A sonic dryer recently patented by U.S. Development Corp. and Purdue University scientists promises a remedy by substituting sound in the drying process. It relies on pulses of intense low-frequency sound waves that move relatively low-temperature air past the material. The end product is a powder that is like the original product with only the moisture removed. However, the sonic dryer works best with very wet slurries, and it is not the most effective way to make beef jerky.
New Spin on Storage: Computer hard drives, like closets, always seem to get full no matter how well you plan ahead. The problem is threatening to become worse as more information is digitized. But help is on the way.
IBM scientists have developed a sensor that will make it possible to store nearly 20 times more data on a computer hard drive. The new sensor, called a spin-value head, is five times more sensitive than today’s best commercially available disk drive sensors. That means it can read bits of data crammed more closely together on the same square inch of disk surface--in this case, a billion bits (a gigabit) per square inch.
To write information on a disk, an electrical current sent through a coil induces a magnetic field within the recording head that is projected through a small gap onto a spinning disk. To read the disk, the process is reversed.
The reading process becomes much more difficult as the size of the gap narrows because it produces an ever weaker induced current, limiting the number of bits per square inch. But the spin valve utilizes something called the giant magnetoresistive effect, which produces an electrical signal five times greater than the magnetoresistive sensors in today’s disk drives.
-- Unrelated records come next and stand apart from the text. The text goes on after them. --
Lemma visit_weight_superharmonic d k :
  s * visit_weight a q (d + 1) (k - at_zero d) + (1 - s) * visit_weight a q (d - 1) (k - at_zero d)
  <= visit_weight a q d k.
Proof.
  destruct k as [|k]; [simpl; lra|].
  unfold at_zero; destruct (Z.eqb_spec d 0) as [->|Hd].
  - replace (S k - 1)%nat with k by lia.
    destruct k as [|k]; cbn [visit_weight]; [rewrite pow_O; lra|].
    pose proof (pow_le q k q_ge0).
    assert ((s * a 1%Z + (1 - s) * a (-1)%Z) * q ^ k <= q * q ^ k) by (apply Rmult_le_compat_r; lra).
    assert (q * q ^ k <= a 0%Z * (q * q ^ k)) by (pose proof (pow_le q (S k) q_ge0); simpl in *; nra).
    simpl; nra.
  - replace (S k - 0)%nat with (S k) by lia. cbn [visit_weight].
    pose proof (a_superharmonic d Hd); pose proof (pow_le q k q_ge0); nra.
Qed.

Lemma walk_visits_ge_le_weight T d k : walk_visits_ge s T d k <= visit_weight a q d k.
Proof.
  revert d k; induction T as [|T IH]; intros d k.
  - destruct k as [|k]; cbn [walk_visits_ge visit_weight]; [destruct (0 <=? at_zero d)%nat; lra|].
    destruct (Nat.leb_spec (S k) (at_zero d)) as [Hk|Hk].
    + unfold at_zero in Hk; destruct (Z.eqb_spec d 0) as [->|]; [|lia].
      replace k with 0%nat by lia; rewrite pow_O; lra.
    + apply Rmult_le_pos; [apply a_ge0 | apply pow_le, q_ge0].
  - rewrite walk_visits_ge_S. eapply Rle_trans; [|apply visit_weight_superharmonic].
    apply Rplus_le_compat; apply Rmult_le_compat_l; auto; lra.
Qed.

End Supersolution.

Lemma strip_stay_bounds M T d : 0 <= strip_stay s M T d <= 1.
Proof.
  revert d; induction T as [|T IH]; intro d; simpl;
    destruct (Z_lt_dec (Z.abs d) (Z.of_nat M)); try lra.
  pose proof (IH (d + 1)%Z); pose proof (IH (d - 1)%Z); nra.
Qed.

Lemma strip_stay_out M T d : (Z.of_nat M <= Z.abs d)%Z -> strip_stay s M T d = 0.
Proof. intro H; destruct T; simpl; destruct (Z_lt_dec (Z.abs d) (Z.of_nat M)); lia || reflexivity. Qed.

Lemma strip_stay_S_in M T d : (Z.abs d < Z.of_nat M)%Z ->
  strip_stay s M (S T) d = s * strip_stay s M T (d + 1) + (1 - s) * strip_stay s M T (d - 1).
Proof. intro H; simpl; destruct (Z_lt_dec (Z.abs d) (Z.of_nat M)); [reflexivity | lia]. Qed.

Lemma strip_stay_markov M T c :
  (forall e, strip_stay s M T e <= c) ->
  forall m d, strip_stay s M (T + m) d <= c * strip_stay s M m d.
Proof.
  intros Hc m; induction m as [|m IH]; intro d;
    (destruct (Z_lt_dec (Z.abs d) (Z.of_nat M)); [|rewrite !strip_stay_out by lia; lra]).
  - rewrite Nat.add_0_r. simpl strip_stay at 2.
    destruct (Z_lt_dec (Z.abs d) (Z.of_nat M)); [rewrite Rmult_1_r; auto | lia].
  - rewrite Nat.add_succ_r, !strip_stay_S_in by assumption.
    pose proof (IH (d + 1)%Z); pose proof (IH (d - 1)%Z); nra.
Qed.

Section Subsolution.
Variables (M : nat) (a : Z -> R) (q : R).
Hypothesis a_bounds : forall d, 0 <= a d <= 1.
Hypothesis a_out : forall d, (Z.of_nat M <= Z.abs d)%Z -> a d = 0.
Hypothesis q_bounds : 0 <= q <= 1.
Hypothesis a_subharmonic : forall d, d <> 0%Z -> (Z.abs d < Z.of_nat M)%Z ->
  a d <= s * a (d + 1)%Z + (1 - s) * a (d - 1)%Z.
Hypothesis a_return_ge : q <= s * a 1%Z + (1 - s) * a (-1)%Z.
A magnetoresistive reading sensor is made of several thin layers of a magnetic material that changes its electrical resistance in a magnetic field. The giant version is composed of even thinner film. This in turn means the sensor can read bits that take up no more than half a micron of space.
Super Glues Put It All Together: The early Egyptians knew how to weld metals together. But they didn’t have to contend with the advanced materials of today, such as specialty glasses, intermetallics, structural polymers and composites. Because of their light weight and ability to withstand high temperatures, these materials are increasingly being used in everything from aircraft and auto engines to advanced energy systems and chemical-processing plants. But joining them together is a challenge.
A number of scientists are tackling that challenge. At Rensselaer Polytechnic Institute in Troy, N.Y., Robert Messler, author of “Joining of Advanced Materials,” is studying a process known as self-propagating high-temperature synthesis. Reactions to produce oxides, carbines, aluminides, silicides and other compounds are created between the pieces to be joined, frequently under pressure. As a result, melting and bonding occur, even in instances where bonding by other means was virtually impossible.
At the University of Illinois at Urbana-Champaign, researchers have developed a glue that withstands higher temperatures than conventional epoxies. The glue is made of cross-linked copolyester, molecules of oxygen and carbon that connect in chains. They can bond to other chains anywhere along their lengths, forming a stronger product than polyesters that bond only at either end. The glue will be important for a range of products, including grinding wheels and the next generation of supersonic aircraft. The aircraft, for example, would be subject to temperatures of approximately 180 degrees Celsius. Conventional epoxies break down at temperatures above about 150 degrees C.